Here There Be DRAGNs

University of the West Indies student Kavita Gosine Bissessar presenting at AAS243 in New Orleans.

Active supermassive black holes often produce powerful jets of ionized gas that stream away from their host galaxies. These jets can be seen by radio telescopes as radio lobes. Active galaxies can have one or two radio lobes, and when they have two they are known as Double-lobed Radio sources associated with Active Galactic Nuclei, or DRAGNs. The jets of most DRAGNs are symmetrical, but a few are not. These asymmetrical DRAGNs could tell us a great deal about galaxies and their surrounding environment, but identifying them can be a challenge.

University of the West Indies student Kavita Gosine Bissessar wanted to find these asymmetrical DRAGNs, so she started with a catalog of 17,724 DRAGNs captured by the Very Large Array Sky Survey (VLASS). She combined this with infrared data from the Wide-field Infrared Survey Explorer (WISE) to identify their host galaxies. From this Kavita found that 1,587 of them had confirmed galactic cores.
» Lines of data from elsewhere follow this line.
(* Consider the deterministic tandem system TSC(RO) described in the context, with $n$ jobs, satisfying for some constants $\lambda>0$, $\mu_1,\dots,\mu_J>0$, $\Gamma_a,\Gamma_{s,1},\dots,\Gamma_{s,J}\ge 0$: $$\Big|\sum_{i=k+1}^{n}U_i-\lambda^{-1}(n-k)\Big|\le \Gamma_a\,\phi(n-k),\qquad k=0,1,\dots,n-1,$$ $$\Big|\sum_{i=k+1}^{n}V^j_i-\mu_j^{-1}(n-k)\Big|\le \Gamma_{s,j}\,\phi(n-k),\qquad k=0,1,\dots,n-1,\ j=1,\dots,J.$$ Let $\Gamma=\max(\Gamma_a,\Gamma_{s,1},\dots,\Gamma_{s,J})$ and assume $\lambda\Gamma\ge e^{2e}$ and $\rho^*:=\lambda/\min_j\mu_j<1$. Then the sojourn time of the $n$-th job satisfies $$W_n\le \frac{7J^2\Gamma^2\lambda}{1-\rho^*}\,\ln\ln\frac{J\lambda\Gamma}{1-\rho^*}+J\lambda^{-1}.$$
   Context: $\phi(x)=\sqrt{x\ln\ln x}$ for $x\ge e^e$ and $\phi(x)=1$ for $x<e^e$. TSC(RO): servers $S_1,\dots,S_J$ in tandem, initially empty, $n$ jobs. Job $i$ arrives to the buffer of $S_1$ at time $\sum_{l=1}^i U_l$ (nonnegative deterministic interarrival times $U_1,\dots,U_n$, $U_1$ being the arrival time of job 1). Each server processes jobs in FIFO order, is work-conserving, buffers are infinite; job $i$ requires service time $V^j_i\ge 0$ at $S_j$; after service at $S_j$ it joins the buffer of $S_{j+1}$, and after $S_J$ it leaves. The sojourn time $W_n$ of job $n$ is the time between its arrival at $S_1$ and its service completion at $S_J$. *)

From Stdlib Require Import Reals Lra List.
Import ListNotations.
Open Scope R_scope.

Definition phi (x : R) : R :=
  if Rle_dec (exp (exp 1)) x then sqrt (x * ln (ln x)) else 1.

(* seg_sum f k n = sum_{i=k+1}^{n} f i  (empty, i.e. 0, if n <= k). *)
Definition seg_sum (f : nat -> R) (k n : nat) : R :=
  fold_right Rplus 0 (map f (seq (S k) (n - k))).

Definition arrival (U : nat -> R) (i : nat) : R := seg_sum U 0 i.

(* Service-completion (departure) time of job i at server S_j in the tandem of
   FIFO, work-conserving, infinite-buffer servers, initially empty:
     D_0(i)   = arrival time of job i,
     D_j(0)   = 0  (no job 0; all times are >= 0),
     D_j(i)   = max(D_{j-1}(i), D_j(i-1)) + V^j_i   for j, i >= 1.
   V j i is the service time of job i at server S_j (1-based indices). *)
Fixpoint depart (U : nat -> R) (V : nat -> nat -> R) (j : nat) (i : nat) : R :=
  match j with
  | O => arrival U i
  | S j' =>
      (fix d (i : nat) : R :=
         match i with
         | O => 0
         | S i' => Rmax (depart U V j' (S i')) (d i') + V (S j') (S i')
         end) i
  end.

Definition sojourn (U : nat -> R) (V : nat -> nat -> R) (J n : nat) : R :=
  depart U V J n - arrival U n.

Definition Gamma_max (Ga : R) (Gs : nat -> R) (J : nat) : R :=
  fold_right Rmax Ga (map Gs (seq 1 J)).

Definition mu_min (mu : nat -> R) (J : nat) : R :=
  fold_right Rmin (mu 1%nat) (map mu (seq 1 J)).

From Stdlib Require Import Reals Lra Lia List.
Open Scope R_scope.

(* Unfolding D_{j+1}(k) = max(D_j(k), D_{j+1}(k-1)) + V^{j+1}_k along a critical
   path shows, by induction on the server j, that D_j(k) <= A_n - (z-1)/lam
   + (z+k-n-1+j)/mu_min + (2j+1) Gamma phi(z) for some z >= n+1-k: each server
   adds one deviation of its cumulative service at each end of the path segment.
   For job n at server J this gives
   W_n <= J/mu_min - (1-rho) (z-1)/lam + (2J+1) Gamma phi(z), and the negative
   drift absorbs K phi(z) up to 7 M^2 ln ln M with M = J lam Gamma/(1-rho):
   by AM-GM for moderate z, and because K phi(z) <= z once z >= (18 M^2)^2. *)

Lemma ln_le x y : 0 < x -> x <= y -> ln x <= ln y.
Proof.
  intros Hx [Hlt | ->]; [left; apply ln_increasing |]; lra.
Qed.

Lemma ln_ge_of_exp_le a x : exp a <= x -> a <= ln x.
Proof.
  intros H. rewrite <- (ln_exp a). apply ln_le; [apply exp_pos | exact H].
Qed.

Lemma ln_le_sub_1 x : 0 < x -> ln x <= x - 1.
Proof.
  intros Hx. pose proof (exp_ineq1_le (ln x)) as H. rewrite exp_ln in H; lra.
Qed.

Lemma exp_1_ge_2 : 2 <= exp 1.
Proof. pose proof (exp_ineq1_le 1). lra. Qed.

Lemma ln_ln_ge_1 x : exp (exp 1) <= x -> 1 <= ln (ln x).
Proof.
  intros H. apply ln_ge_of_exp_le, ln_ge_of_exp_le, H.
Qed.

Lemma phi_nonneg x : 0 <= phi x.
Proof. unfold phi. destruct Rle_dec; [apply sqrt_pos | lra]. Qed.

Lemma phi_le a b : a <= b -> phi a <= phi b.
Proof.
  intros Hab. unfold phi.
  pose proof (exp_ineq1_le (exp 1)) as Hee. pose proof exp_1_ge_2.
  destruct (Rle_dec (exp (exp 1)) a) as [Ha | Ha];
    destruct (Rle_dec (exp (exp 1)) b) as [Hb | Hb]; try lra.
  - apply sqrt_le_1_alt.
    pose proof (ln_ln_ge_1 a Ha).
    assert (Hlnln : ln (ln a) <= ln (ln b)).
    { pose proof (ln_ge_of_exp_le _ _ Ha).
      apply ln_le; [lra |]. apply ln_le; lra. }
    nra.
  - rewrite <- sqrt_1. apply sqrt_le_1_alt. pose proof (ln_ln_ge_1 b Hb). nra.
Qed.

Lemma mul_sqrt_mul_le K x y :
  0 <= x -> 0 <= y -> K * sqrt (x * y) <= x + K ^ 2 * y / 4.
Proof.
  intros Hx Hy. rewrite sqrt_mult by assumption.
  pose proof (sqrt_sqrt x Hx). pose proof (sqrt_sqrt y Hy).
  pose proof (Rle_0_sqr (sqrt x - K * sqrt y / 2)). unfold Rsqr in *. nra.
Qed.

Lemma ln_ln_le_2_sqrt z : exp (exp 1) <= z -> ln (ln z) <= 2 * sqrt z.
Proof.
  intros Hz. pose proof (exp_ineq1_le (exp 1)). pose proof exp_1_ge_2.
  pose proof (ln_ge_of_exp_le _ _ Hz) as Hlnz.
  assert (Hs : 0 < sqrt z) by (apply sqrt_lt_R0; lra).
  assert (Hlns : ln z = 2 * ln (sqrt z)).
  { rewrite <- (sqrt_sqrt z) at 1 by lra. rewrite ln_mult by assumption. ring. }
  pose proof (ln_le_sub_1 _ Hs). pose proof (ln_le_sub_1 (ln z) ltac:(lra)). lra.
Qed.

Lemma mul_phi_le_self K z :
  0 <= K -> exp (exp 1) <= z -> 2 * K ^ 2 <= sqrt z -> K * phi z <= z.
Proof.
  intros HK Hz HKz. unfold phi. destruct Rle_dec as [_ | Hz']; [| contradiction].
  pose proof (exp_ineq1_le (exp 1)). pose proof exp_1_ge_2.
  pose proof (ln_ln_ge_1 z Hz). pose proof (ln_ln_le_2_sqrt z Hz).
  pose proof (sqrt_sqrt z ltac:(lra)).
  rewrite <- (sqrt_pow2 K HK), <- sqrt_mult by (try apply pow2_ge_0; nra).
  assert (K ^ 2 * ln (ln z) <= z).
  { assert (0 <= K ^ 2) by nra. assert (0 <= sqrt z) by apply sqrt_pos. nra. }
  apply Rle_trans with (sqrt (z * z)); [apply sqrt_le_1_alt; nra |].
  rewrite sqrt_square; lra.
Qed.

Lemma ln_ln_le_3_ln_ln M z :
  exp (2 * exp 1) <= M -> exp (exp 1) <= z -> z <= (18 * M ^ 2) ^ 2 ->
  ln (ln z) <= 3 * ln (ln M).
Proof.
  intros HM Hz Hzub. pose proof exp_1_ge_2. pose proof (exp_pos (exp 1)).
  pose proof (exp_ineq1_le (2 * exp 1)).
  pose proof (ln_ge_of_exp_le _ _ HM) as HlnM.
  pose proof (ln_ge_of_exp_le _ _ Hz) as Hlnz.
  assert (Hln18 : ln 18 <= 17) by (pose proof (ln_le_sub_1 18); lra).
  assert (Hlnz_ub : ln z <= ln M ^ 3).
  { eapply Rle_trans; [apply ln_le; [lra | exact Hzub] |].
    rewrite !ln_pow, ln_mult, ln_pow by nra. simpl INR. nra. }
  replace 3 with (INR 3) by (simpl; lra).
  rewrite <- ln_pow by lra. apply ln_le; lra.
Qed.

Lemma phi_deficit_le K M z :
  0 <= K -> K <= 3 * M -> exp (2 * exp 1) <= M -> 1 <= z ->
  K * phi z - (z - 1) <= 7 * M ^ 2 * ln (ln M).
Proof.
  intros HK HKM HM Hz. pose proof exp_1_ge_2.
  assert (HM5 : 5 <= M) by (pose proof (exp_ineq1_le (2 * exp 1)); lra).
  assert (HL : 1 <= ln (ln M)).
  { apply ln_ln_ge_1. eapply Rle_trans; [| exact HM].
    left. apply exp_increasing. pose proof (exp_pos 1). lra. }
  destruct (Rle_dec (exp (exp 1)) z) as [Hze | Hze].
  2: { unfold phi. destruct Rle_dec; [contradiction |]. nra. }
  destruct (Rle_dec ((18 * M ^ 2) ^ 2) z) as [Hbig | Hmoderate].
  - assert (HKz : 2 * K ^ 2 <= sqrt z).
    { apply Rle_trans with (18 * M ^ 2); [nra |].
      rewrite <- (sqrt_pow2 (18 * M ^ 2)) by nra. apply sqrt_le_1_alt, Hbig. }
    pose proof (mul_phi_le_self K z HK Hze HKz). nra.
  - assert (Hphi : K * phi z <= z + K ^ 2 * ln (ln z) / 4).
    { unfold phi. destruct Rle_dec; [| contradiction].
      apply mul_sqrt_mul_le; [lra |]. pose proof (ln_ln_ge_1 z Hze). lra. }
    pose proof (ln_ln_le_3_ln_ln M z HM Hze ltac:(lra)).
    pose proof (ln_ln_ge_1 z Hze).
    assert (K ^ 2 <= 9 * M ^ 2) by nra.
    assert (K ^ 2 * ln (ln z) <= 9 * M ^ 2 * (3 * ln (ln M))) by
      (apply Rmult_le_compat; nra).
    nra.
Qed.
An asymmetrical DRAGN as seen in the VLA Sky Survey.

But to find out which of these were asymmetrical, Kavita had to comb through them by hand. She started by measuring the arm-core distance ratio since DRAGNs with larger ratios are more likely to be symmetrical. She found that 33 of them had ratios greater than 3.6. Interestingly, she found that those with the largest ratios appeared asymmetrical, but were actually false positives. Some were actually two separate galaxies, while others had bright radio cores misidentified as a lobe. Kavita found that DRAGNs with arm-core distance ratios between 3 and 8 had the greatest chance of being true asymmetrical DRAGNs.

This result can help astronomers find galaxies with asymmetric radio lobes more easily. In the future Kavita would like to study the environments of these galaxies to see how that might affect galactic lobe symmetry.